Exercise brief
Only the lines holding "finite" are wanted. Copy every one from the records below.

Stored data entries:
Lemma hpow_applyZ m s c (f : V * V -> R) a :
  hpow_apply nb m s (fun b => c * f b) a = c * hpow_apply nb m s f a.
Proof. by rewrite /hpow_apply mulr_sumr; apply: eq_bigr => b _; rewrite mulrCA. Qed.

Lemma hpow_apply_le_norm m s t (f : V * V -> R) : arc_seq nb s -> arc_seq nb t ->
  \sum_(a <- t) hpow_apply nb m s f a ^+ 2
  <= hpow_norm nb R m ^+ 2 * \sum_(b <- s) f b ^+ 2.
Proof.
move=> s_arcs t_arcs; set F := \sum_(b <- s) f b ^+ 2.
have F_ge0 : 0 <= F by apply: sumr_ge0 => b _; exact: sqr_ge0.
have [F0|F_neq0] := eqVneq F 0.
  have f0 b : b \in s -> f b = 0.
    move: F0 => /eqP; rewrite psumr_eq0 => [/allP f0 /f0|e _]; last exact: sqr_ge0.
    by rewrite sqrf_eq0 => /eqP.
  rewrite F0 mulr0 big1 // => a _; rewrite /hpow_apply big1_seq ?expr0n // => b.
  by case/andP => _ /f0 ->; rewrite mulr0.
pose c := Num.sqrt F; have c_gt0 : 0 < c by rewrite sqrtr_gt0 lt_def F_neq0.
pose g b := f b / c.
have g_le1 : \sum_(b <- s) g b ^+ 2 <= 1.
  under eq_bigr do rewrite expr_div_n.
  by rewrite -mulr_suml sqr_sqrtr // divff.
have fg a : hpow_apply nb m s f a = c * hpow_apply nb m s g a.
  by rewrite -hpow_applyZ; apply: eq_bigr => b _; rewrite /g [c * _]mulrC divfK ?gt_eqF.
under eq_bigr do rewrite fg exprMn.
rewrite -mulr_sumr sqr_sqrtr // mulrC ler_wpM2r //.
apply: le_trans (sum_hpow_apply_le_l2sq m g s_arcs t_arcs) _.
rewrite -(sqr_sqrtr (l2sq_hpow_apply_ge0 m g s_arcs)).
by rewrite lerXn2r ?nnegrE ?sqrtr_ge0 ?hpow_norm_ge0 ?hpow_norm_ub.
Qed.

Fixpoint reach (n : nat) (a : V * V) : seq (V * V) :=
  if n is n'.+1 then flatten [seq reach n' c | c <- out_arcs a.2] else [:: a].

Lemma hashimoto_pow_reach n a b : Hpow n a b != 0 -> b \in reach n a.
Proof.
elim: n a => [|n IH] a /=.
  have [->|] := eqVneq a b; first by rewrite mem_seq1.
  by rewrite andbF eqxx.
move=> Hab; have /hasP[c ac Hcb] : has (fun c => Hpow n c b != 0) (out_arcs a.2).
  apply: contraNT Hab => /hasPn H0; apply/eqP; rewrite big_seq big1 // => c.
  by move=> /H0; rewrite negbK => /eqP ->; rewrite mulr0.
by apply/flatten_mapP; exists c => //; exact: IH.
Qed.

(* Since [hpow_apply] only sums over finite lists, composing powers of H needs
   an explicit finite list containing every arc [c] with [H^n c b != 0], [b \in s]. *)
Definition hashimoto_pow_support n (s : seq (V * V)) : seq (V * V) :=
  undup [seq c <- flatten [seq map rev_arc (reach n (rev_arc b)) | b <- s]
        | is_arc nb c].

Lemma mem_hashimoto_pow_support n s b c :
  b \in s -> Hpow n c b != 0 -> c \in hashimoto_pow_support n s.
Proof.
move=> bs Hcb; rewrite mem_undup mem_filter (hashimoto_pow_arc Hcb) /=.
apply/flatten_mapP; exists b => //; apply/mapP; exists (rev_arc c).
  by apply: hashimoto_pow_reach; rewrite -hashimoto_pow_rev.
by rewrite rev_arcK.
Qed.

Lemma arc_seq_hashimoto_pow_support n s : arc_seq nb (hashimoto_pow_support n s).
Proof. by rewrite /arc_seq undup_uniq all_undup filter_all. Qed.

Lemma hashimoto_powD m n a b (l : seq (V * V)) : uniq l ->
  (forall c, Hpow n c b != 0 -> c \in l) ->
  Hpow (m + n) a b = \sum_(c <- l) Hpow m a c * Hpow n c b.
Proof.
move=> l_uniq l_supp; elim: m a => [|m IH] a.
  rewrite add0n /=; case a_arc: (is_arc nb a) => /=; last first.
    rewrite big1 => [|c _]; last by rewrite mul0r.
    by apply/eqP; apply: contraFT a_arc => /hashimoto_pow_arc.
  under eq_bigr do rewrite eq_sym.
  by rewrite (@sum_seq_delta _ _ l (Hpow n ^~ b) a l_uniq (@l_supp a)).
rewrite addSn hashimoto_powS; under eq_bigr do rewrite IH mulr_sumr.
rewrite exchange_big /=; apply: eq_bigr => c _.
by rewrite mulr_suml; apply: eq_bigr => e _; rewrite mulrA.
Qed.
(* Let $G$ be a finite group and $H$ a subgroup such that $\mathcal{O}_G(H)$ is Boolean of rank $\ell$, with atoms $A_1,\ldots,A_\ell$. If $|A_i:H|\ge2^i$ for each $i\in\{1,\ldots,\ell\}$, then $\hat\varphi(H,G)\ge2^{\ell-1}$.
   Context: $\mathcal{O}_G(H)=\{K\mid H\le K\le G\}$; Boolean of rank $\ell$ means isomorphic to the lattice of subsets of an $\ell$-set; atoms are the minimal elements of $\mathcal{O}_G(H)\setminus\{H\}$. The dual Euler totient is $\hat\varphi(H,G)=\sum_{K\in\mathcal{O}_G(H)}\mu(H,K)|G:K|$ where $\mu$ is the Möbius function of $\mathcal{O}_G(H)$. *)

From mathcomp Require Import all_boot all_order all_algebra all_fingroup.
Set Implicit Arguments. Unset Strict Implicit. Unset Printing Implicit Defensive.
Import GRing.Theory Num.Theory.
Open Scope group_scope.

Section Defs.
Variable gT : finGroupType.

Definition overgroups (H G : {group gT}) : {set {group gT}} :=
  [set K : {group gT} | (H \subset K) && (K \subset G)].

Definition boolean_of_rank (H G : {group gT}) (l : nat) : Prop :=
  exists f : {set 'I_l} -> {group gT},
    [/\ forall X, f X \in overgroups H G,
        forall K, K \in overgroups H G -> exists X, f X = K
      & forall X Y, (f X \subset f Y) = (X \subset Y)].

Definition is_atom (H G K : {group gT}) : Prop :=
  [/\ K \in overgroups H G, K != H &
      forall L : {group gT}, L \in overgroups H G -> L != H ->
        L \subset K -> L = K].

(* Moebius function mu(H, K) of the subgroup poset, by the standard
   recursion mu(H,H) = 1, mu(H,K) = - sum_{H <= L < K} mu(H,L);
   the fuel n bounds the recursion depth (orders strictly decrease). *)
Fixpoint mobius_rec (n : nat) (H K : {group gT}) : int :=
  match n with
  | 0 => 0
  | n'.+1 =>
      if K == H then 1
      else if H \subset K then
        - \sum_(L : {group gT} | (H \subset L) && (L \proper K))
            mobius_rec n' H L
      else 0
  end%R.

Definition mobius (H K : {group gT}) : int := mobius_rec #|K|.+1 H K.

Definition dual_totient (H G : {group gT}) : int :=
  (\sum_(K in overgroups H G) mobius H K * (#|G : K|)%:Z)%R.

End Defs.

(* Through the lattice isomorphism X |-> K_X with the subsets of the atoms,
   mu(H, K_X) = (-1)^|X|, so hat-phi(H, G) is the alternating sum of
   n(X) = |G : K_X|.  For j not in X the subgroups K_X and A_j meet in H, so
   |K_(X+j)| >= |K_X| |A_j : H| and n(X) >= 2^(j+1) n(X+j).  Forming the
   alternating sum one atom at a time in increasing index order, the partial
   sums S_m(X) stay between n(X)/2^m and n(X); hence hat-phi >= n(0)/2^l, and
   n(0) >= 2^(l(l+1)/2) n(all) >= 2^(2l-1). *)

From mathcomp Require Import all_boot all_order all_algebra all_fingroup.
From mathcomp Require Import zify.
Set Implicit Arguments. Unset Strict Implicit. Unset Printing Implicit Defensive.
Import Order.TTheory GRing.Theory Num.Theory.
Local Open Scope ring_scope.

Lemma sum_subsetU1 (R : nmodType) (T : finType) (A : {set T}) (x : T)
    (F : {set T} -> R) : x \notin A ->
  \sum_(Z : {set T} | Z \subset x |: A) F Z =
    \sum_(Z : {set T} | Z \subset A) F Z +
    \sum_(Z : {set T} | Z \subset A) F (x |: Z).
Proof.
move=> xA; rewrite (bigID (fun Z : {set T} => x \in Z)) [LHS]addrC /=.
congr (_ + _).
  by apply: eq_bigl => Z; rewrite -[in RHS](setU1K xA) subsetD1.
rewrite (reindex_onto (fun Z => x |: Z) (fun Z => Z :\ x)) /=; last first.
  by move=> Z /andP[_ xZ]; rewrite setD1K.
apply: eq_bigl => Z; rewrite setU11 andbT.
apply/andP/idP => [[sxZ /eqP <-] | sZA].
  by rewrite -[A](setU1K xA) setSD.
have xZ : x \notin Z := contra (subsetP sZA x) xA.
by rewrite setUS // setU1K.
Qed.

Lemma sum_subset_sign_eq0 (R : pzRingType) (T : finType) (X : {set T}) :
  X != set0 -> \sum_(Y : {set T} | Y \subset X) (-1) ^+ #|Y| = 0 :> R.
Proof.
case/set0Pn=> x xX; rewrite -(setD1K xX) sum_subsetU1 ?setD11 //.
rewrite [X in _ + X](eq_bigr (fun Y : {set T} => - (-1) ^+ #|Y|)).
  by rewrite sumrN subrr.
move=> Y sYX.
have xY : x \notin Y := contraFN (subsetP sYX x) (setD11 x X).
by rewrite cardsU1 xY exprS mulN1r.
Qed.

Section PrefixAlternatingSums.

Variables (l : nat) (n : {set 'I_l} -> int).
Hypothesis n_gt0 : forall X, 0 < n X.
Hypothesis n_step : forall (X : {set 'I_l}) (j : 'I_l),
  j \notin X -> 2 ^+ j.+1 * n (j |: X) <= n X.

Definition prefix (m : nat) : {set 'I_l} := [set i : 'I_l | (i < m)%N].

Definition prefix_alt_sum (m : nat) (X : {set 'I_l}) : int :=
  \sum_(Z : {set 'I_l} | Z \subset prefix m) (-1) ^+ #|Z| * n (X :|: Z).

Lemma prefix0 : prefix 0 = set0.
Proof. by apply/setP=> i; rewrite !inE. Qed.

Lemma prefixS (j : 'I_l) : prefix j.+1 = j |: prefix j.
Proof. by apply/setP=> i; rewrite !inE ltnS leq_eqVlt. Qed.

Lemma notin_prefix (j : 'I_l) : j \notin prefix j.
Proof. by rewrite inE ltnn. Qed.

Lemma prefix_alt_sum0 X : prefix_alt_sum 0 X = n X.
Proof.
rewrite /prefix_alt_sum prefix0 (eq_bigl (pred1 set0)) => [|Z]; last first.
  by rewrite subset0.
by rewrite big_pred1_eq cards0 mul1r setU0.
Qed.

Lemma prefix_alt_sumS (j : 'I_l) X :
  prefix_alt_sum j.+1 X = prefix_alt_sum j X - prefix_alt_sum j (j |: X).
Proof.
rewrite /prefix_alt_sum prefixS sum_subsetU1 ?notin_prefix // -sumrN.
congr (_ + _); apply: eq_bigr => Z sZj.
have jZ : j \notin Z := contra (subsetP sZj j) (notin_prefix j).
by rewrite cardsU1 jZ add1n exprS mulN1r mulNr setUCA setUA.
Qed.

Lemma prefix_alt_sum_bounds m (X : {set 'I_l}) :
    (m <= l)%N -> (forall i, i \in X -> m <= i)%N ->
  n X <= 2 ^+ m * prefix_alt_sum m X /\ prefix_alt_sum m X <= n X.
Proof.
elim: m X => [|m IHm] X lt_m_l geX.
  by rewrite prefix_alt_sum0 mul1r.
pose j := Ordinal lt_m_l.
have jX : j \notin X by apply/negP => /geX; rewrite ltnn.
have [lo1 up1] := IHm X (ltnW lt_m_l) (fun i Xi => ltnW (geX i Xi)).
have [lo2 up2] : n (j |: X) <= 2 ^+ m * prefix_alt_sum m (j |: X) /\
                 prefix_alt_sum m (j |: X) <= n (j |: X).
  by apply: IHm (ltnW lt_m_l) _ => i /setU1P[-> | /geX /ltnW].
have step := n_step jX; have pos := n_gt0 (j |: X).
rewrite [j.+1]/= exprS -mulrA in step.
rewrite (prefix_alt_sumS j) exprS -mulrA; change (nat_of_ord j) with m.
have exp_gt0 : 0 < 2 ^+ m :> int by rewrite exprn_gt0.
split; nia.
Qed.

Lemma prefix_chain k : (k <= l)%N -> 2 ^+ 'C(k.+1, 2) * n (prefix k) <= n set0.
Proof.
elim: k => [|k IHk] lt_k_l; first by rewrite prefix0 mul1r.
pose j := Ordinal lt_k_l.
have step := n_step (notin_prefix j); rewrite -prefixS in step.
rewrite binS bin1 exprD -mulrA; apply: le_trans (IHk (ltnW lt_k_l)).
by rewrite ler_wpM2l ?exprn_ge0.
Qed.

Lemma double_leq_bin2S k : (2 * k <= 'C(k.+1, 2).+1)%N.
Proof. by elim: k => // k IHk; rewrite binS bin1; lia. Qed.

Theorem exp2_le_double_alt_sum :
  2 ^+ l <= 2 * \sum_(X : {set 'I_l}) (-1) ^+ #|X| * n X.
Proof.
have prefixT : prefix l = setT by apply/setP => i; rewrite !inE ltn_ord.
have -> : \sum_(X : {set 'I_l}) (-1) ^+ #|X| * n X = prefix_alt_sum l set0.
  rewrite /prefix_alt_sum prefixT.
  by apply: eq_big => [X | X _]; rewrite ?subsetT ?set0U.
have [|lower _] := @prefix_alt_sum_bounds l set0 (leqnn l).
  by move=> i; rewrite inE.
have chain := prefix_chain (leqnn l); rewrite prefixT in chain.
have exp_le : 2 ^+ l * 2 ^+ l <= 2 * 2 ^+ 'C(l.+1, 2) :> int.
  by rewrite -exprD -exprS ler_eXn2l // addnn -mul2n double_leq_bin2S.
have top := n_gt0 setT.
have exp_gt0 : 0 < 2 ^+ l :> int by rewrite exprn_gt0.
have exp_bin_gt0 : 0 < 2 ^+ 'C(l.+1, 2) :> int by rewrite exprn_gt0.
nia.
Qed.

End PrefixAlternatingSums.

Section Mobius.

Variable gT : finGroupType.
Implicit Types H K L : {group gT}.

Lemma in_overgroups H G K :
  (K \in overgroups H G) = (H \subset K) && (K \subset G).
Proof. by rewrite inE. Qed.

Lemma mobius_rec_fuel H K m m' : (#|K| < m)%N -> (#|K| < m')%N ->
  mobius_rec m H K = mobius_rec m' H K.
Proof.
elim: m m' K => [|m IHm] [|m'] K //= ltKm ltKm'.
do 2 case: ifP => // _; congr (- _); apply: eq_bigr => L /andP[_ ltLK].
by have ltLK' := proper_card ltLK; apply: IHm; apply: leq_trans ltLK' _.
Qed.

Lemma mobiusE H K : mobius H K =
  if K == H then 1 else if H \subset K then
    - \sum_(L : {group gT} | (H \subset L) && (L \proper K)) mobius H L
  else 0.
Proof.
rewrite /mobius /=; do 2 case: ifP => // _; congr (- _).
apply: eq_bigr => L /andP[_ /proper_card ltLK].
exact: mobius_rec_fuel ltLK (ltnSn _).
Qed.

End Mobius.

Lemma mul_card_indexg_leq (gT : finGroupType) (B C D : {group gT}) :
  (B \subset D)%g -> (C \subset D)%g -> (#|B| * #|C : B| <= #|D|)%N.
Proof.
move=> sBD sCD.
have idxC : (#|C : B| * #|B :&: C| = #|C|)%N.
  by rewrite -indexgI setIC mulnC Lagrange ?subsetIr.
rewrite -(@leq_pmul2r #|B :&: C|) ?cardG_gt0 // -mulnA idxC mul_cardG.
by rewrite leq_pmul2r ?cardG_gt0 // subset_leq_card ?mul_subG.
Qed.

Lemma mul_indexg_leq (gT : finGroupType) (B C D G : {group gT}) :
    (B \subset D)%g -> (C \subset D)%g -> (D \subset G)%g ->
  (#|C : B| * #|G : D| <= #|G : B|)%N.
Proof.
move=> sBD sCD sDG; rewrite -(@leq_pmul2l #|B|) ?cardG_gt0 //.
rewrite (Lagrange (subset_trans sBD sDG)) -(Lagrange sDG) mulnA.
by rewrite leq_pmul2r ?indexg_gt0 // mul_card_indexg_leq.
Qed.

Section BooleanOvergroups.

Variables (gT : finGroupType) (G H : {group gT}) (l : nat).
Variable f : {set 'I_l} -> {group gT}.
Implicit Types (X Y : {set 'I_l}) (K L : {group gT}).
Hypothesis sHG : (H \subset G)%g.
Hypothesis f_over : forall X, f X \in overgroups H G.
Hypothesis f_onto : forall K, K \in overgroups H G -> exists X, f X = K.
Hypothesis f_mono : forall X Y, (f X \subset f Y)%g = (X \subset Y).

Lemma f_sub X : (H \subset f X)%g /\ (f X \subset G)%g.
Proof. by have := f_over X; rewrite in_overgroups => /andP. Qed.

Lemma f_inj : injective f.
Proof. by move=> X Y eqf; apply/eqP; rewrite eqEsubset -!f_mono eqf subxx. Qed.

Lemma f_proper X Y : (f X \proper f Y)%g = (X \proper Y).
Proof. by rewrite !properE !f_mono. Qed.

Lemma f_set0 : f set0 = H.
Proof.
have [X fX] : exists X, f X = H.
  by apply: f_onto; rewrite in_overgroups subxx sHG.
by apply/val_inj/eqP; rewrite eqEsubset (f_sub set0).1 andbT -fX f_mono sub0set.
Qed.

Lemma f_setI X Y : f (X :&: Y) = (f X :&: f Y)%G.
Proof.
have [Z fZ] : exists Z, f Z = (f X :&: f Y)%G.
  apply: f_onto; rewrite in_overgroups subsetI !(f_sub _).1.
  by rewrite subIset ?(f_sub _).2.
have [sZX sZY] : Z \subset X /\ Z \subset Y.
  by rewrite -!f_mono fZ subsetIl subsetIr.
rewrite -fZ; congr f; apply/eqP; rewrite eqEsubset subsetI sZX sZY andbT.
by rewrite -f_mono fZ subsetI !f_mono subsetIl subsetIr.
Qed.

Lemma overgroups_boolean : overgroups H G = f @: setT.
Proof.
apply/setP => K; apply/idP/imsetP => [/f_onto[X <-] | [X _ ->]].
  by exists X.
exact: f_over.
Qed.

Lemma mobius_boolean X : mobius H (f X) = (-1) ^+ #|X|.
Proof.
have [k] := ubnP #|X|; elim: k X => // k IHk X; rewrite ltnS => leXk.
rewrite mobiusE.
have [-> | X0] := eqVneq X set0; first by rewrite f_set0 eqxx cards0.
rewrite -f_set0 (inj_eq f_inj) (negbTE X0) f_set0 (f_sub X).1.
have below_fX : forall L : {group gT}, (H \subset L)%g && (L \proper f X)%g =
    (L \in f @: [set Y : {set 'I_l} | Y \proper X]).
  move=> L; apply/andP/imsetP => [[sHL ltLX] | [Y]]; last first.
    by rewrite inE -f_proper => ltYX ->; rewrite (f_sub Y).1.
  have [|Y fY] := f_onto (K := L).
    by rewrite in_overgroups sHL (subset_trans (proper_sub ltLX)) ?(f_sub X).2.
  by exists Y; rewrite // inE -f_proper fY.
rewrite (eq_bigl _ _ below_fX) big_imset /=; last exact: in2W f_inj.
rewrite (eq_bigr (fun Y : {set 'I_l} => (-1) ^+ #|Y|)) => [|Y]; last first.
  rewrite inE => /proper_card ltYX.
  by apply: IHk; apply: leq_trans ltYX leXk.
have := sum_subset_sign_eq0 int X0.
rewrite (bigD1 X) //= => /eqP; rewrite addr_eq0 => /eqP ->.
by congr (- _); apply: eq_bigl => Y; rewrite inE properEneq andbC.
Qed.

Lemma dual_totient_boolean :
  dual_totient H G = \sum_(X : {set 'I_l}) (-1) ^+ #|X| * #|G : f X|%:Z.
Proof.
rewrite /dual_totient overgroups_boolean big_imset; last exact: in2W f_inj.
by apply: eq_big => [X | X _]; rewrite ?in_setT ?mobius_boolean.
Qed.

Lemma atom_boolean K : is_atom H G K -> exists j, f [set j] = K.
Proof.
case=> /f_onto[X <-] neH minK.
have /set0Pn[j Xj] : X != set0 by apply: contraNneq neH => ->; rewrite f_set0.
exists j; apply: minK; rewrite ?f_over ?f_mono ?sub1set //.
by rewrite -f_set0 (inj_eq f_inj) -cards_eq0 cards1.
Qed.

Lemma indexg_boolean_step X j : j \notin X ->
  (#|f [set j] : H| * #|G : f (j |: X)| <= #|G : f X|)%N.
Proof.
move=> jX; have -> : H = (f [set j] :&: f X)%G.
  by rewrite -f_setI disjoint_setI0 ?disjoints1 ?f_set0.
rewrite indexgI mul_indexg_leq ?f_mono ?subsetUl ?subsetUr //.
exact: (f_sub _).2.
Qed.

End BooleanOvergroups.

Theorem lemma10p11 (gT : finGroupType) (G H : {group gT}) (l : nat)
    (A : 'I_l -> {group gT}) :
  (H \subset G)%g ->
  boolean_of_rank H G l ->
  injective A ->
  (forall K : {group gT}, is_atom H G K <-> exists i, A i = K) ->
  (forall i : 'I_l, 2 ^ i.+1 <= #|A i : H|%g)%N ->
  ((2 ^+ l : int) <= 2 * dual_totient H G)%R.
Proof.
move=> sHG [f [f_over f_onto f_mono]] injA atomA idxA.
have /fin_all_exists[tau f_tau] : forall i, exists j, f [set j] = A i.
  move=> i; apply: (atom_boolean sHG f_over f_onto f_mono).
  by apply/atomA; exists i.
have tau_inj : injective tau.
  by move=> i j eq_tau; apply: injA; rewrite -!f_tau eq_tau.
pose n (X : {set 'I_l}) : int := #|G : f (tau @: X)|%:Z.
have n_gt0 (X : {set 'I_l}) : 0 < n X by rewrite ltz_nat indexg_gt0.
have n_step (X : {set 'I_l}) (j : 'I_l) :
    j \notin X -> 2 ^+ j.+1 * n (j |: X) <= n X.
  move=> jX; have tjX : tau j \notin tau @: X by rewrite mem_imset.
  rewrite /n imsetU1 -natrX natz -PoszM lez_nat.
  apply: leq_trans (indexg_boolean_step sHG f_over f_onto f_mono tjX).
  by rewrite leq_mul2r f_tau idxA orbT.
rewrite (dual_totient_boolean sHG f_over f_onto f_mono).
rewrite (reindex_inj (imset_inj tau_inj)).
under eq_bigr do rewrite card_imset //.
exact: exp2_le_double_alt_sum n_gt0 n_step.
Qed.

Expected answer
(* Since [hpow_apply] only sums over finite lists, composing powers of H needs
   an explicit finite list containing every arc [c] with [H^n c b != 0], [b \in s]. *)
(* Let $G$ be a finite group and $H$ a subgroup such that $\mathcal{O}_G(H)$ is Boolean of rank $\ell$, with atoms $A_1,\ldots,A_\ell$. If $|A_i:H|\ge2^i$ for each $i\in\{1,\ldots,\ell\}$, then $\hat\varphi(H,G)\ge2^{\ell-1}$.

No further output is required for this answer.